2nd Phase August 1996 – June 1998
- Widow try to pick up the pieces
- Cattle is transferred from the household
- Oldest son (then 7) is fostered by paternal
grandmother’s brother
- Youngest child sickly
- Farm no longer productive
- Food and cash severely lacking
- All three children in the household have
malnutrition
- Youngest child very ill for over 6 months
- No money, no palliative care
- Youngest child dies in June 1998
3rd Phase July 1998 - May 2000
- Household membership has shrunk from 6 to 3
people.
- Widow sickly most of the time
- Mother in-law, hitherto a pillar of support dies
suddenly (heart attack due to extreme stress?) in
April 1999
- Food and money very scarce
- Widow and orphans have severe malnutrition
- Life dependent on neighbours and relatives
- Widow severely sick throughout 1999
- Widow taken by her mother for care, two
children left behind under the care of severely
disabled uncle.
4th Phase June 2000 – May 2002
- Widow dies June 2000
- One fostered by disabled uncle and the other is
fostered by one of the aunties
- First son who had been fostered immediately
after his father’s death dies in April 2001 aged 11
- The daughter fostered by her aunt is maltreated
and comes to stay with disabled uncle
- Uncle fells ill now and then (leukemia) and
losses his tailoring business
- Food and cash very scare – the orphans and
their four children nephews are all malnutritioned
- Uncles wife embarks on casual labour
- She is the sole family provider at the moment!!
Conclusion
- HIV/AIDS constitutes a series of crises
mostly borne at micro level.
- Such crises are invariably experienced
differently by different people according to
gender and age. The time dimension is
important
- Most such crises impacts on development
of household, family, community,and nation.

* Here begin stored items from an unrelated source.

Lemma cont3_comp_loop (f : Fld) (c1 c2 : R -> R -> R) :
  cont3 f -> cont2 c1 -> cont2 c2 -> cont2 (fun t s => f t (c1 t s) (c2 t s)).
Proof.
  intros Hf H1 H2 [t s].
  apply (cont3_comp f fst (fun z => c1 (fst z) (snd z)) (fun z => c2 (fst z) (snd z))).
  - exact Hf.
  - apply continuous_fst.
  - apply (cont2_comp c1 fst snd); [exact H1 | apply continuous_fst | apply continuous_snd].
  - apply (cont2_comp c2 fst snd); [exact H2 | apply continuous_fst | apply continuous_snd].
Qed.

Record C1field (f : Fld) : Prop := {
  C1field_cont : cont3 f;
  C1field_ex_derive : forall t x y,
    ex_derive (fun t' => f t' x y) t /\ ex_derive (fun x' => f t x' y) x /\
    ex_derive (fun y' => f t x y') y;
  C1field_cont_pt : cont3 (pt f);
  C1field_cont_px : cont3 (px f);
  C1field_cont_py : cont3 (py f)
}.

Lemma Ck3_cont k f : Ck3 k f -> cont3 f.
Proof. destruct k; [trivial | intros [H _]; exact H]. Qed.

Lemma Ck3_S_C1field k f : Ck3 (S k) f -> C1field f.
Proof.
  intros (Hc & Hd & Ht & Hx & Hy).
  split; [exact Hc | exact Hd | exact (Ck3_cont _ _ Ht)
         | exact (Ck3_cont _ _ Hx) | exact (Ck3_cont _ _ Hy)].
Qed.

Lemma Ck3_S_px k f : Ck3 (S k) f -> Ck3 k (px f).
Proof. intros (_ & _ & _ & Hx & _). exact Hx. Qed.

Lemma Ck3_S_py k f : Ck3 (S k) f -> Ck3 k (py f).
Proof. intros (_ & _ & _ & _ & Hy). exact Hy. Qed.

Lemma C1field_plus f g : C1field f -> C1field g -> C1field (fun t x y => f t x y + g t x y).
Proof.
  intros [Fc Fd Ft Fx Fy] [Gc Gd Gt Gx Gy].
  split; [apply cont3_plus; assumption | | | |].
  - intros t x y; destruct (Fd t x y) as (Ft' & Fx' & Fy'), (Gd t x y) as (Gt' & Gx' & Gy').
    exact (conj (ex_derive_plus _ _ _ Ft' Gt')
             (conj (ex_derive_plus _ _ _ Fx' Gx') (ex_derive_plus _ _ _ Fy' Gy'))).
  - apply (cont3_ext (fun t x y => pt f t x y + pt g t x y)); [|apply cont3_plus; assumption].
    intros t x y; destruct (Fd t x y) as (? & _ & _), (Gd t x y) as (? & _ & _).
    symmetry; apply Derive_plus; assumption.
  - apply (cont3_ext (fun t x y => px f t x y + px g t x y)); [|apply cont3_plus; assumption].
    intros t x y; destruct (Fd t x y) as (_ & ? & _), (Gd t x y) as (_ & ? & _).
    symmetry; apply Derive_plus; assumption.
  - apply (cont3_ext (fun t x y => py f t x y + py g t x y)); [|apply cont3_plus; assumption].
    intros t x y; destruct (Fd t x y) as (_ & _ & ?), (Gd t x y) as (_ & _ & ?).
    symmetry; apply Derive_plus; assumption.
Qed.

Lemma C1field_mult f g : C1field f -> C1field g -> C1field (fun t x y => f t x y * g t x y).
Proof.
  intros [Fc Fd Ft Fx Fy] [Gc Gd Gt Gx Gy].
  split; [apply cont3_mult; assumption | | | |].
  - intros t x y; destruct (Fd t x y) as (Ft' & Fx' & Fy'), (Gd t x y) as (Gt' & Gx' & Gy').
    exact (conj (ex_derive_mult _ _ _ Ft' Gt')
             (conj (ex_derive_mult _ _ _ Fx' Gx') (ex_derive_mult _ _ _ Fy' Gy'))).
  - apply (cont3_ext (fun t x y => pt f t x y * g t x y + f t x y * pt g t x y));
      [|apply cont3_plus; apply cont3_mult; assumption].
    intros t x y; destruct (Fd t x y) as (? & _ & _), (Gd t x y) as (? & _ & _).
    symmetry; apply Derive_mult; assumption.
  - apply (cont3_ext (fun t x y => px f t x y * g t x y + f t x y * px g t x y));
      [|apply cont3_plus; apply cont3_mult; assumption].
    intros t x y; destruct (Fd t x y) as (_ & ? & _), (Gd t x y) as (_ & ? & _).
    symmetry; apply Derive_mult; assumption.
  - apply (cont3_ext (fun t x y => py f t x y * g t x y + f t x y * py g t x y));
      [|apply cont3_plus; apply cont3_mult; assumption].
    intros t x y; destruct (Fd t x y) as (_ & _ & ?), (Gd t x y) as (_ & _ & ?).
    symmetry; apply Derive_mult; assumption.
Qed.

Lemma cont3_lieT1 v1 v2 a1 a2 :
  C1field v1 -> C1field v2 -> C1field a1 -> C1field a2 -> cont3 (lieT1 v1 v2 a1 a2).
Proof.
  intros [] [] [] []. unfold lieT1.
  repeat apply cont3_plus; try apply cont3_mult; assumption.
Qed.

Lemma cont3_lieT2 v1 v2 a1 a2 :
  C1field v1 -> C1field v2 -> C1field a1 -> C1field a2 -> cont3 (lieT2 v1 v2 a1 a2).
Proof.
  intros [] [] [] []. unfold lieT2.
  repeat apply cont3_plus; try apply cont3_mult; assumption.
Qed.

Lemma is_derive_field_comp_xy (a : Fld) t (X Y : R -> R) z dX dY :
  C1field a -> is_derive X z dX -> is_derive Y z dY ->
  is_derive (fun w => a t (X w) (Y w)) z
    (px a t (X z) (Y z) * dX + py a t (X z) (Y z) * dY).
Proof.
  intros [_ Hd _ Hx _] HX HY.
  apply is_derive_Reals, derivable_pt_lim_comp_2d;
    [| apply is_derive_Reals; exact HX | apply is_derive_Reals; exact HY].
  apply filterdiff_differentiable_pt_lim.
  eapply filterdiff_ext_lin.
  - apply (is_derive_filterdiff (a t) (X z) (Y z) (px a t)).
    + apply filter_forall; intros [x y]; apply Derive_correct, (Hd t x y).
    + apply Derive_correct, (Hd t (X z) (Y z)).
    + apply (cont3_comp (px a) (fun _ => t) fst snd);
        [exact Hx | apply continuous_const | apply continuous_fst | apply continuous_snd].
  - intros [u v]; reflexivity.
Qed.

Lemma is_derive_field_comp (a : Fld) (X Y : R -> R) t dX dY :
  C1field a -> is_derive X t dX -> is_derive Y t dY ->
  is_derive (fun w => a w (X w) (Y w)) t
    (pt a t (X t) (Y t) + px a t (X t) (Y t) * dX + py a t (X t) (Y t) * dY).
Proof.
  intros Ha HX HY. pose proof Ha as [_ Hd Ht _ _].
  (* The map is the diagonal w ↦ G w w; differentiate G jointly at (t, t). *)
  set (G := fun u w => a u (X w) (Y w)).
  set (dGt := fun u w => pt a u (X w) (Y w)).
  set (dGw := px a t (X t) (Y t) * dX + py a t (X t) (Y t) * dY).
  assert (HG : differentiable_pt_lim G t t (dGt t t) dGw).
  { apply filterdiff_differentiable_pt_lim.
    eapply filterdiff_ext_lin; [apply (is_derive_filterdiff G t t dGt dGw) |].
    - apply filter_forall; intros [u w]; apply Derive_correct, (Hd u (X w) (Y w)).
    - apply is_derive_field_comp_xy; assumption.
    - apply (cont3_comp (pt a) fst (fun z => X (snd z)) (fun z => Y (snd z)));
        [exact Ht | apply continuous_fst | |];
        apply (continuous_comp snd); try apply continuous_snd; simpl;
        apply (ex_derive_continuous (K := R_AbsRing) (V := R_NormedModule));
        eexists; eassumption.
    - intros [u v]; reflexivity. }
  apply is_derive_Reals.
  replace (pt a t (X t) (Y t) + px a t (X t) (Y t) * dX + py a t (X t) (Y t) * dY)
    with (dGt t t * 1 + dGw * 1) by (unfold dGt, dGw; ring).
  exact (derivable_pt_lim_comp_2d G id id t _ _ 1 1 HG
           (derivable_pt_lim_id t) (derivable_pt_lim_id t)).
Qed.

Definition loop_integrand (b1 b2 : Fld) (c1 c2 : R -> R -> R) (t s : R) : R :=
  b1 t (c1 t s) (c2 t s) * Derive (fun s' => c1 t s') s
  + b2 t (c1 t s) (c2 t s) * Derive (fun s' => c2 t s') s.

Lemma loop_int_ext (b1 b2 b1' b2' : Fld) c1 c2 t :
  (forall t x y, b1 t x y = b1' t x y) -> (forall t x y, b2 t x y = b2' t x y) ->
  loop_int b1 b2 c1 c2 t = loop_int b1' b2' c1 c2 t.
Proof. intros E1 E2. apply RInt_ext; intros s _. rewrite E1, E2. reflexivity. Qed.

Section Transport.

Variables (c1 c2 : R -> R -> R) (v1 v2 : Fld).
Hypotheses (Hc1 : Ck2 2 c1) (Hc2 : Ck2 2 c2) (Hv1 : C1field v1) (Hv2 : C1field v2).
Hypothesis Hflow1 : forall t s, is_derive (fun t' => c1 t' s) t (v1 t (c1 t s) (c2 t s)).
Hypothesis Hflow2 : forall t s, is_derive (fun t' => c2 t' s) t (v2 t (c1 t s) (c2 t s)).

Lemma is_derive_loop_tangent (c : R -> R -> R) (w : Fld) :
  Ck2 2 c -> C1field w ->
  (forall t s, is_derive (fun t' => c t' s) t (w t (c1 t s) (c2 t s))) ->
  forall t s, is_derive (fun u => Derive (fun s' => c u s') s) t
    (px w t (c1 t s) (c2 t s) * Derive (fun s' => c1 t s') s
     + py w t (c1 t s) (c2 t s) * Derive (fun s' => c2 t s') s).
Proof.
  intros (_ & Hd & (_ & HdT & _ & HcST) & (_ & HdS & HcTS & _)) Hw Hflow t s.
  assert (Hswap : Derive (fun u => Derive (fun s' => c u s') s) t
                  = Derive (fun s' => Derive (fun u => c u s') t) s).
  { apply Schwarz; [| apply cont2_continuity_2d_pt; assumption ..].
    apply locally_2d_forall; intros u v.
    exact (conj (proj1 (Hd u v)) (conj (proj2 (Hd u v))
             (conj (proj1 (HdS u v)) (proj2 (HdT u v))))). }
  assert (Hvel : is_derive (fun s' => Derive (fun u => c u s') t) s
                   (px w t (c1 t s) (c2 t s) * Derive (fun s' => c1 t s') s
                    + py w t (c1 t s) (c2 t s) * Derive (fun s' => c2 t s') s)).
  { apply (is_derive_ext (fun s' => w t (c1 t s') (c2 t s'))).
    - intros s'; symmetry; apply is_derive_unique, Hflow.
    - destruct Hc1 as (_ & Hd1 & _), Hc2 as (_ & Hd2 & _).
      apply is_derive_field_comp_xy;
        [exact Hw | apply Derive_correct, (Hd1 t s) | apply Derive_correct, (Hd2 t s)]. }
  rewrite <- (eq_trans Hswap (is_derive_unique _ _ _ Hvel)).
  apply Derive_correct, (HdS t s).
Qed.

Lemma is_derive_loop_integrand (a1 a2 : Fld) :
  C1field a1 -> C1field a2 ->
  forall u s, is_derive (fun u' => loop_integrand a1 a2 c1 c2 u' s) u
    (loop_integrand (lieT1 v1 v2 a1 a2) (lieT2 v1 v2 a1 a2) c1 c2 u s).
Proof.
  intros Ha1 Ha2 u s.
  pose proof (is_derive_field_comp a1 _ _ u _ _ Ha1 (Hflow1 u s) (Hflow2 u s)) as Hda1.
  pose proof (is_derive_field_comp a2 _ _ u _ _ Ha2 (Hflow1 u s) (Hflow2 u s)) as Hda2.
  pose proof (is_derive_loop_tangent c1 v1 Hc1 Hv1 Hflow1 u s) as Htan1.
  pose proof (is_derive_loop_tangent c2 v2 Hc2 Hv2 Hflow2 u s) as Htan2.
  pose proof (is_derive_plus _ _ _ _ _ (is_derive_mult _ _ _ _ _ Hda1 Htan1 Rmult_comm)
                (is_derive_mult _ _ _ _ _ Hda2 Htan2 Rmult_comm)) as Hd.
  refine (eq_ind _ (is_derive _ u) Hd _ _).
  unfold loop_integrand, lieT1, lieT2, plus, mult; simpl. ring.
Qed.

Lemma cont2_loop_integrand (b1 b2 : Fld) :
  cont3 b1 -> cont3 b2 -> cont2 (loop_integrand b1 b2 c1 c2).
Proof.
  intros Hb1 Hb2.
  destruct Hc1 as (Hcc1 & _ & _ & (Hcs1 & _)), Hc2 as (Hcc2 & _ & _ & (Hcs2 & _)).
  unfold loop_integrand.
  apply cont2_plus; apply cont2_mult; try apply cont3_comp_loop; assumption.
Qed.

Lemma is_derive_loop_int_lie (a1 a2 : Fld) :
  C1field a1 -> C1field a2 ->
  forall t, is_derive (loop_int a1 a2 c1 c2) t
    (loop_int (lieT1 v1 v2 a1 a2) (lieT2 v1 v2 a1 a2) c1 c2 t).
Proof.
  intros Ha1 Ha2 t.
  pose proof (is_derive_loop_integrand a1 a2 Ha1 Ha2) as Hd.
  assert (Hcont_lie : cont2 (loop_integrand (lieT1 v1 v2 a1 a2) (lieT2 v1 v2 a1 a2) c1 c2)).
  { apply cont2_loop_integrand; [apply cont3_lieT1 | apply cont3_lieT2]; assumption. }
  assert (Hcont : cont2 (loop_integrand a1 a2 c1 c2)).
  { apply cont2_loop_integrand; [apply Ha1 | apply Ha2]. }
  unfold loop_int.
  refine (eq_ind _ (is_derive _ t) (is_derive_RInt_param _ 0 1 t _ _ _) _ _).
  - apply filter_forall; intros u s _. eexists. apply Hd.
  - intros s _.
    apply (continuity_2d_pt_ext
             (loop_integrand (lieT1 v1 v2 a1 a2) (lieT2 v1 v2 a1 a2) c1 c2)).
    + intros u s'. symmetry. apply is_derive_unique, Hd.
    + apply cont2_continuity_2d_pt, Hcont_lie.
  - apply filter_forall; intros u. apply (ex_RInt_continuous (V := R_CompleteNormedModule)).
    intros s _.
    apply (cont2_comp (loop_integrand a1 a2 c1 c2) (fun _ => u) (fun s => s));
      [exact Hcont | apply continuous_const | apply continuous_id].
  - apply RInt_ext; intros s _. apply is_derive_unique, Hd.
Qed.

End Transport.

Lemma mutil_div_density eps (D rho what zeta : Fld) t x y :
  D t x y <> 0 -> rho t x y <> 0 ->
  mutil eps D rho what zeta t x y / (D t x y * rho t x y)
  = what t x y / (1 + eps * gradsq zeta t x y).
Proof.
  intros HD Hrho. unfold mutil, Rdiv.
  generalize (/ (1 + eps * gradsq zeta t x y)); intros r.
  field; split; assumption.
Qed.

- Analysing the developmental implications
of AIDS and reporting on them objectively is
critical.
Conclusion cont’d
- Interventions that would postpone or even
prevent premature death (e.g. ARVs) are critical
and should be universally available
- Interventions that would limit or do away with
asset disposal are critical as well. These would
probably cut the link between AIDS death and
intensification of poverty in affected households
- HIV prevention even in areas of very high HIV
prevalence cannot be over-emphasised.